***** MATERIAL TO PROCESS

(* Fix $M>0$. For every $\delta>0$ there exist $\varepsilon_0>0$ and $l_0$ large such that the following holds for $0<\varepsilon\le\varepsilon_0$. Suppose a spherically symmetric solution of the Einstein–scalar field system exists in the open trapezoid region $T_0\subset\mathcal T$ and its initial data on the spacelike curve $\{r=2^{-l_0}\}$ satisfy $$\Big|\partial_vr+\frac Mr\Big|\le\varepsilon\frac Mr,\quad\Big|\partial_ur+\frac Mr\Big|\le\varepsilon\frac Mr,\quad\Big|\Omega^2-\frac{2M}r\Big|\le\varepsilon\frac Mr,\quad|\partial_u\phi|\le\frac{\varepsilon}{r^2},\quad|\partial_v\phi|\le\frac{\varepsilon}{r^2}.$$ Then throughout $T_0$: $$|r\partial_vr+M|\le\delta M,\qquad|r\partial_ur+M|\le\delta M,\qquad\Omega^2\le\frac{2.5M}{r},\qquad r^2|\partial_u\phi|+r^2|\partial_v\phi|\le C\varepsilon,$$ where $C$ depends only on $M$.
   Context: The Einstein–scalar field system under spherical symmetry in double null coordinates, $g=-\Omega^2(u,v)\,du\,dv+r^2(u,v)(d\theta^2+\sin^2\theta\,d\varphi^2)$, with scalar field $\phi$, reads $r\partial_u\partial_v r=-\partial_ur\,\partial_vr-\frac14\Omega^2$, $r^2\partial_u\partial_v\log\Omega=\partial_ur\,\partial_vr+\frac14\Omega^2-r^2\partial_u\phi\,\partial_v\phi$, $r\partial_u\partial_v\phi=-\partial_ur\,\partial_v\phi-\partial_vr\,\partial_u\phi$, $\partial_u(\Omega^{-2}\partial_ur)=-r\Omega^{-2}(\partial_u\phi)^2$, $\partial_v(\Omega^{-2}\partial_vr)=-r\Omega^{-2}(\partial_v\phi)^2$. The trapped region is $\mathcal T=\{\partial_ur<0,\partial_vr<0,r>0\}$. The trapezoid region $T_0$ is the open region in $\mathcal T$ bounded to the past by the spacelike curve $\{r=2^{-l_0}\}$, to the future by the singular curve $\{r=0\}$, and on the sides by null segments $\{u=U\}$ and $\{v=V\}$ (so $T_0$ is the domain of dependence of its initial curve). These data are a perturbation of the Schwarzschild interior of mass parameter $M$ near $r=0$. *)

From Stdlib Require Import Reals Lra.
Open Scope R_scope.

Definition pd_u (D : R -> R -> Prop) (f g : R -> R -> R) : Prop :=
  forall u v, D u v -> derivable_pt_lim (fun x => f x v) u (g u v).

Definition pd_v (D : R -> R -> Prop) (f g : R -> R -> R) : Prop :=
  forall u v, D u v -> derivable_pt_lim (fun y => f u y) v (g u v).

Definition cont2 (D : R -> R -> Prop) (f : R -> R -> R) : Prop :=
  forall u v, D u v -> forall e, 0 < e -> exists d, 0 < d /\
    forall u' v', D u' v' -> Rabs (u' - u) < d -> Rabs (v' - v) < d ->
      Rabs (f u' v' - f u v) < e.

Definition open2 (D : R -> R -> Prop) : Prop :=
  forall u v, D u v -> exists d, 0 < d /\
    forall u' v', Rabs (u' - u) < d -> Rabs (v' - v) < d -> D u' v'.

(* Mixed derivatives d_u d_v f are taken as d_v (d_u f). *)
Definition ESF_solution (D : R -> R -> Prop)
  (r Om phi ru rv phiu phiv : R -> R -> R) : Prop :=
  (forall u v, D u v -> 0 < Om u v) /\
  pd_u D r ru /\ pd_v D r rv /\ pd_u D phi phiu /\ pd_v D phi phiv /\
  exists ruv Lu Luv phiuv : R -> R -> R,
    pd_v D ru ruv /\
    pd_u D (fun u v => ln (Om u v)) Lu /\ pd_v D Lu Luv /\
    pd_v D phiu phiuv /\
    pd_u D (fun u v => ru u v / (Om u v) ^ 2)
           (fun u v => - r u v / (Om u v) ^ 2 * (phiu u v) ^ 2) /\
    pd_v D (fun u v => rv u v / (Om u v) ^ 2)
           (fun u v => - r u v / (Om u v) ^ 2 * (phiv u v) ^ 2) /\
    (forall u v, D u v ->
       r u v * ruv u v = - ru u v * rv u v - / 4 * (Om u v) ^ 2 /\
       (r u v) ^ 2 * Luv u v
         = ru u v * rv u v + / 4 * (Om u v) ^ 2
           - (r u v) ^ 2 * phiu u v * phiv u v /\
       r u v * phiuv u v = - ru u v * phiv u v - rv u v * phiu u v) /\
    cont2 D r /\ cont2 D Om /\ cont2 D phi /\
    cont2 D ru /\ cont2 D rv /\ cont2 D phiu /\ cont2 D phiv /\
    cont2 D ruv /\ cont2 D Luv /\ cont2 D phiuv.

(* The open trapezoid T0 in the (u,v)-plane, for an initial spacelike curve
   given as the graph v = gam u, u in (u1, U), with gam u1 = V: the points
   to the future of the curve, to the past of {u = U} and {v = V}, where the
   solution (domain D) exists. *)
Definition trapezoid (D : R -> R -> Prop) (u1 U V : R) (gam : R -> R)
  (u v : R) : Prop :=
  u1 < u < U /\ gam u < v < V /\ D u v.

From Stdlib Require Import Reals Ranalysis5 Lra Psatz Classical.
Open Scope R_scope.

(* Everything is monotonicity along the two null directions.  Raychaudhuri's equations make
   [d r / Om^2] nonincreasing along null segments, so the initial ratio [d r / Om^2 ~ -1/2]
   propagates to [d r <= - 0.49 Om^2] throughout the trapezoid.  The wave equation for [r]
   reads [d_u (r d_v r) = d_v (r d_u r) = - Om^2 / 4]; hence along a [u]-segment both
   [r d_v r] and, as [d_u r <= - Om^2 / 4], also [r - r d_v r] are nonincreasing (and
   symmetrically in [v]).  This pins [r d r] to [- M] up to [eps M + r0], and with the
   Raychaudhuri bound gives [Om^2 r <= 2.5 M].  For the scalar field, the barrier
   [r |d phi| <= (2 eps / M) (- d r)] holds strictly on the initial curve, and at a first
   point of equality the wave equation for [phi] makes the barrier quantity strictly
   decreasing, so it was already violated just before; a supremum argument over the
   trapezoid locates such a first point. *)

(** * Calculus of one variable *)

Lemma continuity_pt_eps f x : continuity_pt f x ->
  forall e, 0 < e -> exists d, 0 < d /\
    forall y, Rabs (y - x) < d -> Rabs (f y - f x) < e.
Proof.
  intros Hf e He. destruct (Hf e He) as [d [Hd Hfd]]. exists d; split; [exact Hd|].
  intros y Hy. destruct (Req_dec y x) as [-> | Hne].
  - rewrite Rminus_diag, Rabs_R0; exact He.
  - apply (Hfd y). split; [split; [exact I | auto] | exact Hy].
Qed.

**********

→ EXERCISE
Everything above from the line containing "trapezoid locates such a first point. *)" down to the line containing "- rewrite Rminus_diag, Rabs_R0; exact He." should be copied exactly, both end lines included, and nothing else.

→ EXERCISE RESULT
   trapezoid locates such a first point. *)

(** * Calculus of one variable *)

Lemma continuity_pt_eps f x : continuity_pt f x ->
  forall e, 0 < e -> exists d, 0 < d /\
    forall y, Rabs (y - x) < d -> Rabs (f y - f x) < e.
Proof.
  intros Hf e He. destruct (Hf e He) as [d [Hd Hfd]]. exists d; split; [exact Hd|].
  intros y Hy. destruct (Req_dec y x) as [-> | Hne].
  - rewrite Rminus_diag, Rabs_R0; exact He.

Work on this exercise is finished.